Чревовещатель
Шрифт:
– Согласен, тем не менее лучше уйти… Это будет благоразумнее…
Ракен схватил за руку белокурого Паскуаля, увлек его в угол залы и, принудив его сесть возле себя, укрылся таким образом от взора лейтенанта.
– Ты меня удивляешь! — шепнул он ему на ухо. — Ты, значит, перестал ненавидеть Жоржа Праделя?
– Как бы не так! Я его ненавижу всеми силами души!
– А бежишь от него, когда случай сталкивает его с нами.
– Что делать, если я его боюсь.
– Я также. Но ненависть сильнее страха. Теперь, когда он один в Париже, мы можем ему отомстить!
–
– Я еще не знаю, но мы отыщем способ… Сейчас нам нельзя терять его из виду. Мы выследим, где он остановится, а потом решим, как к нему подобраться. Мне думается, что у него водятся деньжата! У него богатый дядя. Да и кроме того, я знаю одного человека, который нам отвалит порядочный куш, когда мы ему скажем: «Жорж Прадель в Париже, вот его адрес…»
– Кто это?
– Нас могут услышать… Я только скажу, что это господин из Пасси…
– Ах, я и забыл…
Между тем в зале произошло движение. Служащие сняли барьеры, отделявшие эту залу от длинных столов, на которых складывался багаж под строгим наблюдением таможенных чиновников с неизменным куском мела в руках. Выйдя из своей задумчивости, лейтенант вынул из кармана билет и ключ и стал искать свой чемодан. Он нашел его без труда и в сопровождении носильщика, взвалившего себе на плечи его вещи, направился к извозчику. На вопрос последнего, куда ехать, он ответил:
– В Гранд-отель.
Экипаж тронулся, унося с собой Паскуаля, поместившегося кое-как на запятках.

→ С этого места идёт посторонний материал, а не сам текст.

(* The two edges (x, m) -- (y, m + 1) and (x, m + 1) -- (y, m) must toggle the same lamp
   of psi x, which forces equal orientations and offsets. *)
Lemma Psi_adjacent_cosets x y m b s b' s' :
  Badd x y = [fset m] ->
  (forall k, Psi (x, k) = (psi x, isoZ b s k)) ->
  (forall k, Psi (y, k) = (psi y, isoZ b' s' k)) ->
  [/\ b' = b, s' = s & Badd (psi x) (psi y) = [fset (if b then m else - m - 1) + s]].
Proof.
move=> xy Px Py.
have edge k l : (word_dist (x, k) (y, l))%:Z = 1 ->
    `|isoZ b s k - isoZ b' s' l| = 1 /\
    Badd (psi x) (psi y) = [fset Num.min (isoZ b s k) (isoZ b' s' l)].
  rewrite -Psi_isometry Px Py => /eqP; rewrite eqz_nat => /eqP /word_dist1_edge.
  move=> [/= kl [/psi_inj yx | ->]]; last by rewrite BaddKl.
  by move: (fset11 m); rewrite -xy yx Baddxx inE.
have [e1 lamp1] := edge m (m + 1) ltac:(rewrite (word_dist_single _ _ xy) /tour_len; lia).
have [e2 lamp2] := edge (m + 1) m ltac:(rewrite (word_dist_single _ _ xy) /tour_len; lia).
have e12 : Num.min (isoZ b s (m + 1)) (isoZ b' s' m) =
    Num.min (isoZ b s m) (isoZ b' s' (m + 1)).
  by apply/fset1P; rewrite -lamp1 lamp2 fset11.
rewrite lamp1; rewrite /isoZ in e1 e2 e12 *; clear edge lamp1 lamp2 Px Py.
case: b b' e1 e2 e12 => [] [] /= e1 e2 e12; [| exfalso; lia | exfalso; lia |].
all: by split; [| lia | congr [fset _]; lia].
Qed.

Lemma psi_lam_isoZ b s : (forall k, Psi (fset0, k) = (psi fset0, isoZ b s k)) ->
  forall x, (forall k, Psi (x, k) = (psi x, isoZ b s k)) /\
    psi x = lam (psi fset0, if b then s else s - 1) (if b then x else iota_B x).
Proof.
move=> P0; elim/fset1U_rect => [|m x mx [Px psi_x]].
  by split=> //; case: b {P0}; rewrite ?iota_B0 lam0.
have [b' [s' Pmx]] := Psi_coset_isoZ (m |` x).
have xmx : Badd x (m |` x) = [fset m].
  apply/fsetP => i; rewrite in_Badd !inE.
  by case: eqVneq => [->|_] /=; rewrite ?(negbTE mx) ?addbb.
have [? ? lamp] := Psi_adjacent_cosets xmx Px Pmx; subst b' s'.
split=> //; rewrite -(BaddKl (psi x) (psi (m |` x))) lamp psi_x.
case: b {P0 Px Pmx lamp psi_x}; first by rewrite lam_fset1U.
rewrite iota_B_fset1U lam_fset1U ?in_iota_B ?opprK //=.
by congr (Badd _ [fset _]); lia.
Qed.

Меньше чем за три четверти часа они доехали до бульвара Капуцинов. По мере того как лейтенант приближался к месту назначения, лицо его теряло озабоченное выражение.
«Милый и добрый дядюшка, дорогая сестра Леонтина, итак, я увижусь с вами после столь долгой разлуки и обниму вас от всей души, — думал молодой человек. — С этих пор все мое счастье будет заключаться в одной вашей любви. Я чувствую, что с вами мое разбитое сердце снова оживится. Мне все казалось потерянным навсегда. Вокруг себя я чувствовал пустоту, пропасть… Я ошибся. Я жестоко страдал… Я страдаю и теперь, но я не одинок в мире… У меня остались родные. Два дорогих мне существа, быть может, залечат раны, которые я считал неисцелимыми».

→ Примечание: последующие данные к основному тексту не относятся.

Lemma asymptotic_to_line (R : realType) (A B Cc : R) (G : R * R -> Prop) (p : nat -> R * R) :
  (A, B) != (0, 0) -> (forall n, G (p n)) ->
  (forall M : R, exists N, forall n, (N <= n)%N -> M ^+ 2 < sqnorm2 (p n)) ->
  (forall eps : R, 0 < eps ->
     exists N, forall n, (N <= n)%N -> (A * (p n).1 + B * (p n).2 + Cc) ^+ 2 < eps) ->
  asymptotic_to G (line A B Cc).
Proof.
move=> /sqr_coefs_gt0 N2_gt0 Gp unbounded vanishing.
set N2 := A ^+ 2 + B ^+ 2 in N2_gt0; have N2_neq0 : N2 != 0 by rewrite gt_eqF.
pose w n := A * (p n).1 + B * (p n).2 + Cc.
(* [q n] is the orthogonal projection of [p n] on the line. *)
exists p, (fun n => ((p n).1 - w n / N2 * A, (p n).2 - w n / N2 * B)).
split=> //; split; last split=> //.
  by move=> n; rewrite /line /= /w /N2; field.
move=> eps eps_gt0.
have [N small] := vanishing (N2 * eps ^+ 2) (mulr_gt0 N2_gt0 (exprn_gt0 2 eps_gt0)).
exists N => n /small; rewrite /sqdist2 /= -/(w n).
have -> : ((p n).1 - ((p n).1 - w n / N2 * A)) ^+ 2 +
          ((p n).2 - ((p n).2 - w n / N2 * B)) ^+ 2 = w n ^+ 2 / N2 by rewrite /N2; field.
by rewrite ltr_pdivrMr // mulrC.
Qed.

Lemma sqr_vanishing (R : archiRealFieldType) (K : R) (u : nat -> R) :
  (forall n, u n ^+ 2 * (n.+1)%:R ^+ 2 <= K) ->
  forall eps : R, 0 < eps -> exists N, forall n, (N <= n)%N -> u n ^+ 2 < eps.
Proof.
move=> bounded eps eps_gt0; have [N gtN] := eventually_lt_nat (K / eps).
exists N => n /gtN; rewrite ltr_pdivrMr // => Klt.
have := bounded n; rewrite -natr1; have := ler0n R n; set t := n%:R => t_ge0 ut.
have : 0 <= u n ^+ 2 by exact: sqr_ge0.
nra.
Qed.

Lemma const_factor_linear_poly (F : fieldType) (a0 a1 : {poly F}) (P Q : {poly {poly F}}) :
  coprimep a0 a1 -> P * Q = a1%:P * 'X + a0%:P -> (size P <= 1)%N ->
  exists2 c : F, c != 0 & P = c%:P%:P.
Proof.
move=> co PQ /size1_polyC eP; set c := P`_0 in eP.
have dvd_coef i : c %| (a1%:P * 'X + a0%:P)`_i by rewrite -PQ eP coefCM dvdp_mulIl.
have /size_poly1P[c0 c0_neq0 ec] : size c == 1%N.
  rewrite size_poly_eq1; apply: (coprimepP _ _ co).
    by move: (dvd_coef 0%N); rewrite coefD coefMX !coefC add0r.
  by move: (dvd_coef 1%N); rewrite coefD coefMX !coefC addr0.
by exists c0; rewrite // eP ec.
Qed.

Lemma size_linear_poly (F : fieldType) (a0 a1 : {poly F}) :
  a1 != 0 -> size (a1%:P * 'X + a0%:P) = 2%N.
Proof. by move=> a1_neq0; rewrite size_MXaddC polyC_eq0 (negbTE a1_neq0) size_polyC a1_neq0. Qed.

Lemma linear_poly_factor_const (F : fieldType) (a0 a1 : {poly F}) (P Q : {poly {poly F}}) :
  a1 != 0 -> coprimep a0 a1 -> P * Q = a1%:P * 'X + a0%:P ->
  (exists2 c : F, c != 0 & P = c%:P%:P) \/ (exists2 c : F, c != 0 & Q = c%:P%:P).
Proof.
move=> a1_neq0 co PQ.
have size_PQ : size (P * Q) = 2%N by rewrite PQ size_linear_poly.
have P_neq0 : P != 0 by apply: contra_eq_neq size_PQ => ->; rewrite mul0r size_poly0.
have Q_neq0 : Q != 0 by apply: contra_eq_neq size_PQ => ->; rewrite mulr0 size_poly0.
have := size_mul P_neq0 Q_neq0; rewrite size_PQ.
have sP : (0 < size P)%N by rewrite size_poly_gt0.
have sQ : (0 < size Q)%N by rewrite size_poly_gt0.
move=> sPQ.
have [sP1 | sQ1] : (size P <= 1)%N \/ (size Q <= 1)%N.
  by move: (size P) (size Q) sP sQ sPQ => m n; lia.
  by left; exact: const_factor_linear_poly co PQ sP1.
by right; rewrite mulrC in PQ; exact: const_factor_linear_poly co PQ sQ1.
Qed.

Lemma coprimep_XaddC_Xsqr (F : fieldType) (C : F) : C != 0 -> coprimep ('X + C%:P) ('X ^+ 2).
Proof.
move=> C_neq0; apply: coprimep_expr.
have := @coprimep_XsubC2 F (- C) 0; rewrite sub0r opprK subr0 rmorphN opprK.
by apply.
Qed.

Lemma ev2_curve (R : realType) (A1 B1 C1 A2 B2 C2 C x y : R) :
  ev2 (linform A1 B1 C1 ^+ 2 * linform A2 B2 C2 + linform A1 B1 C1 + C%:MP) x y =
  (A1 * x + B1 * y + C1) ^+ 2 * (A2 * x + B2 * y + C2) + (A1 * x + B1 * y + C1) + C.
Proof.
by rewrite /ev2 /linform expr2 !mevalD !mevalM !mevalD !mevalZ !mevalXU !mevalC /=; ring.
Qed.

Section Curve.
Variables (R : realType) (A1 B1 C1 A2 B2 C2 C : R).
Hypotheses (AB1_neq0 : (A1, B1) != (0, 0)) (AB2_neq0 : (A2, B2) != (0, 0)).
Hypothesis D_neq0 : A1 * B2 - A2 * B1 != 0.
Let L1 := linform A1 B1 C1.
Let L2 := linform A2 B2 C2.
Let f := L1 ^+ 2 * L2 + L1 + C%:MP.

Let point (u v : R) : R * R :=
  (xcoord A1 B1 C1 A2 B2 C2 idfun u v, ycoord A1 B1 C1 A2 B2 C2 idfun u v).

Lemma linform1_point u v : A1 * (point u v).1 + B1 * (point u v).2 + C1 = u.
Proof. exact: (linform1_coord C1 C2 D_neq0 idfun). Qed.

Lemma linform2_point u v : A2 * (point u v).1 + B2 * (point u v).2 + C2 = v.
Proof. exact: (linform2_coord C1 C2 D_neq0 idfun). Qed.

Lemma zero_set_point u v : u ^+ 2 * v + u + C = 0 -> zero_set f (point u v).
Proof. by rewrite /zero_set ev2_curve linform1_point linform2_point. Qed.

(* Branch along [l1]: [L1 = s / t] and [L2 = - (s t + C t^2)], the sign [s] chosen so that
   [|L2| >= t]. *)
Lemma asymptotic_to_line1 : asymptotic_to (zero_set f) (line A1 B1 C1).
Proof.
pose s : R := if C < 0 then -1 else 1.
have s_sqr : s ^+ 2 = 1 by rewrite /s; case: ifP => _; rewrite ?sqrrN expr1n.
have sC_ge0 : 0 <= s * C by rewrite /s; case: ltP => [/ltW|]; rewrite ?mulN1r ?oppr_ge0 ?mul1r.
pose t n : R := n.+1%:R.
have t_ge1 n : 1 <= t n by rewrite ler1n.
pose p n := point (s / t n) (- (s * t n + C * t n ^+ 2)).
apply: (@asymptotic_to_line _ _ _ _ _ p AB1_neq0).
- move=> n; apply: zero_set_point.
  transitivity ((1 - s ^+ 2) * (s / t n + C)); first by field; rewrite nat1r pnatr_eq0.
  by rewrite s_sqr subrr mul0r.
- apply: (sqnorm2_unbounded (Cc := C2) AB2_neq0) => n; rewrite /p linform2_point.
  have := t_ge1 n; set u := t n => u_ge1.
  have : 0 <= s * C * u ^+ 3 by rewrite mulr_ge0 // exprn_ge0 // (le_trans ler01).
  have : 0 <= C ^+ 2 * u ^+ 4 by rewrite mulr_ge0 ?sqr_ge0 // exprn_ge0 // (le_trans ler01).
  move: s_sqr; nra.
- apply: (@sqr_vanishing _ 1) => n; rewrite /p linform1_point.
  by rewrite expr_div_n divfK ?expf_neq0 ?pnatr_eq0 // s_sqr.
Qed.

Lemma asymptotic_to_line2 : asymptotic_to (zero_set f) (line A2 B2 C2).
Proof.
pose t n : R := n.+1%:R.
have t_ge1 n : 1 <= t n by rewrite ler1n.
have t_neq0 n : t n != 0 by rewrite pnatr_eq0.
pose p n := point (t n) (- (t n + C) / t n ^+ 2).
apply: (@asymptotic_to_line _ _ _ _ _ p AB2_neq0).
- by move=> n; apply: zero_set_point; field; rewrite nat1r pnatr_eq0.
- by apply: (sqnorm2_unbounded (Cc := C1) AB1_neq0) => n; rewrite /p linform1_point.
- apply: (@sqr_vanishing _ (2 * (1 + C ^+ 2))) => n; rewrite /p linform2_point -/(t n).
  have := t_ge1 n; have := t_neq0 n; set u := t n => u_neq0 u_ge1; clearbody u.
  have -> : (- (u + C) / u ^+ 2) ^+ 2 * u ^+ 2 = (u + C) ^+ 2 / u ^+ 2 by field.
  rewrite ler_pdivrMr ?exprn_gt0 ?(lt_le_trans ltr01) //.
  have : 0 <= (u - C) ^+ 2 by exact: sqr_ge0.
  have : 0 <= C ^+ 2 * (u ^+ 2 - 1).
    by rewrite mulr_ge0 ?sqr_ge0 // subr_ge0 expr_ge1 // (le_trans ler01).
  nra.
Qed.

(* In the coordinates [U = L1], [V = L2], [f] becomes [U^2 V + U + C], which is linear in
   [V]; [psi] performs this change of variables and [phi] undoes it. *)
Let iotaP : {rmorphism R -> {poly {poly R}}} := polyC \o polyC.
Let U : {poly {poly R}} := 'X%:P.
Let V : {poly {poly R}} := 'X.
Let coord_var (i : 'I_2) := if val i == 0%N then xcoord A1 B1 C1 A2 B2 C2 iotaP U V
                                              else ycoord A1 B1 C1 A2 B2 C2 iotaP U V.
Let psi : {rmorphism {mpoly R[2]} -> {poly {poly R}}} := mmap iotaP coord_var.

Fact L1_comm : commr_rmorph (@mpolyC 2 R) L1. Proof. by move=> x; apply: mulrC. Qed.
Let ev1 : {rmorphism {poly R} -> {mpoly R[2]}} := horner_morph L1_comm.
Fact L2_comm : commr_rmorph ev1 L2. Proof. by move=> x; apply: mulrC. Qed.
Let phi : {rmorphism {poly {poly R}} -> {mpoly R[2]}} := horner_morph L2_comm.

Lemma phi_iota c : phi (iotaP c) = c%:MP.
Proof.
rewrite (_ : iotaP c = c%:P%:P) // /phi /= (horner_morphC L2_comm) /ev1 /=.
exact: horner_morphC.
Qed.

Lemma phi_coord_var i : phi (coord_var i) = 'X_i.
Proof.
have phiU : phi U = L1.
  by rewrite /phi /= (horner_morphC L2_comm) /ev1 /= (horner_morphX L1_comm).
have phiV : phi V = L2 by rewrite /phi /= (horner_morphX L2_comm).
have [phi_x phi_y] :=
  @rmorph_xcoord _ A1 B1 C1 A2 B2 C2 _ _ iotaP (@mpolyC 2 R) phi U V phi_iota.
have lin_mpoly (A B Cc : R) : linform A B Cc = A%:MP * 'X_0 + B%:MP * 'X_1 + Cc%:MP.
  by rewrite /linform !mul_mpolyC.
have [-> | ->] : i = 0 \/ i = 1 by case: i => [[|[|]]] //= ?; [left|right]; apply/val_inj.
  by rewrite /coord_var /= phi_x phiU phiV /L1 /L2 !lin_mpoly (xcoord_linform C1 C2 D_neq0).
by rewrite /coord_var /= phi_y phiU phiV /L1 /L2 !lin_mpoly (ycoord_linform C1 C2 D_neq0).
Qed.

Lemma phi_psi p : phi (psi p) = p.
Proof.
rewrite {2}(mpolyE p) /psi /mmap rmorph_sum; apply: eq_bigr => m _.
rewrite rmorphM phi_iota /mmap1 rmorph_prod -mul_mpolyC mpolyXE_id; congr (_ * _).
by apply: eq_bigr => i _; rewrite rmorphXn phi_coord_var.
Qed.

Lemma psi_linform A B Cc :
  psi (linform A B Cc) = iotaP A * coord_var 0 + iotaP B * coord_var 1 + iotaP Cc.
Proof. by rewrite /psi /linform !rmorphD /= !mmapZ !mmapX !mmap1U mmapC. Qed.

Lemma psi_curve : psi f = ('X ^+ 2)%:P * 'X + ('X + C%:P)%:P.
Proof.
have psiL1 : psi L1 = U by rewrite psi_linform (linform1_coord C1 C2 D_neq0).
have psiL2 : psi L2 = V by rewrite psi_linform (linform2_coord C1 C2 D_neq0).
rewrite /f 2!rmorphD rmorphM rmorphXn psiL1 psiL2 /psi /= mmapC.
by rewrite /U /V polyCD rmorphXn addrA.
Qed.

Lemma irreducible_curve : C != 0 -> irreducible_mpoly f.
Proof.
move=> C_neq0; have co := coprimep_XaddC_Xsqr C_neq0.
have Xsqr_neq0 : 'X ^+ 2 != 0 :> {poly R} by rewrite expf_neq0 ?polyX_eq0.
have size_psi_f : size (psi f) = 2%N by rewrite psi_curve size_linear_poly.
have const_unit p c : c != 0 -> psi p = c%:P%:P -> p \is a GRing.unit.
  move=> c_neq0 psi_p; rewrite -[p]phi_psi psi_p -[c%:P%:P]/(iotaP c) phi_iota.
  by rewrite rmorph_unit ?unitfE.
split; [|split].
- by apply: contra_eq_neq size_psi_f => ->; rewrite rmorph0 size_poly0.
- by apply/negP => /(rmorph_unit psi); rewrite poly_unitE size_psi_f.
- move=> g h fgh.
  have gh : psi g * psi h = ('X ^+ 2)%:P * 'X + ('X + C%:P)%:P.
    by rewrite -rmorphM -fgh psi_curve.
  have [[c c_neq0 /(const_unit _ _ c_neq0)] | [c c_neq0 /(const_unit _ _ c_neq0)]] :=
    linear_poly_factor_const Xsqr_neq0 co gh.
    by left.
  by right.
Qed.

End Curve.

Theorem lemma5 (R : realType) (A1 B1 C1 A2 B2 C2 C : R) :
  (* l1, l2 are lines *)
  (A1, B1) != (0, 0) -> (A2, B2) != (0, 0) ->
  (* distinct *)
  line A1 B1 C1 <> line A2 B2 C2 ->
  (* intersecting *)
  (exists p : R * R, line A1 B1 C1 p /\ line A2 B2 C2 p) ->
  let L1 := linform A1 B1 C1 in
  let L2 := linform A2 B2 C2 in
  let f := L1 ^+ 2 * L2 + L1 + C%:MP in
  (asymptotic_to (zero_set f) (line A1 B1 C1) /\
   asymptotic_to (zero_set f) (line A2 B2 C2)) /\
  (C != 0 -> irreducible_mpoly f).
Proof.
move=> AB1_neq0 AB2_neq0 neq_lines meet L1 L2 f.
have D_neq0 := meeting_lines_det_neq0 AB1_neq0 AB2_neq0 neq_lines meet.
split; first split.
- exact: asymptotic_to_line1 AB1_neq0 AB2_neq0 D_neq0.
- exact: asymptotic_to_line2 AB1_neq0 AB2_neq0 D_neq0.
- exact: irreducible_curve.
Qed.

Извозчик остановился и, постучав в стекло кареты, спросил:
– Нужно ли въезжать во двор?
– Не нужно, — опустив стекло, отозвался пассажир.
Расплатившись с извозчиком, он вышел из кареты, взял одной рукой свой чемодан, другой картонку со шляпой и вошел под своды монументальных ворот Гранд-отеля. Белокурый Паскуаль также сошел с запяток и в одно мгновение преобразил свой шейный платок в повязку, которая, скрыв половину его лица, придала ему вид человека, страдающего флюсом. Затем он пошел за лейтенантом, не подозревавшим, что кто-то за ним следит, в контору гостиницы.
– Сделайте одолжение, — сказал лейтенант, — укажите мне номер господина Домера.
Конторщик, посмотрев на него с минуту, спросил:
– Я имею честь говорить с господином Жоржем Праделем?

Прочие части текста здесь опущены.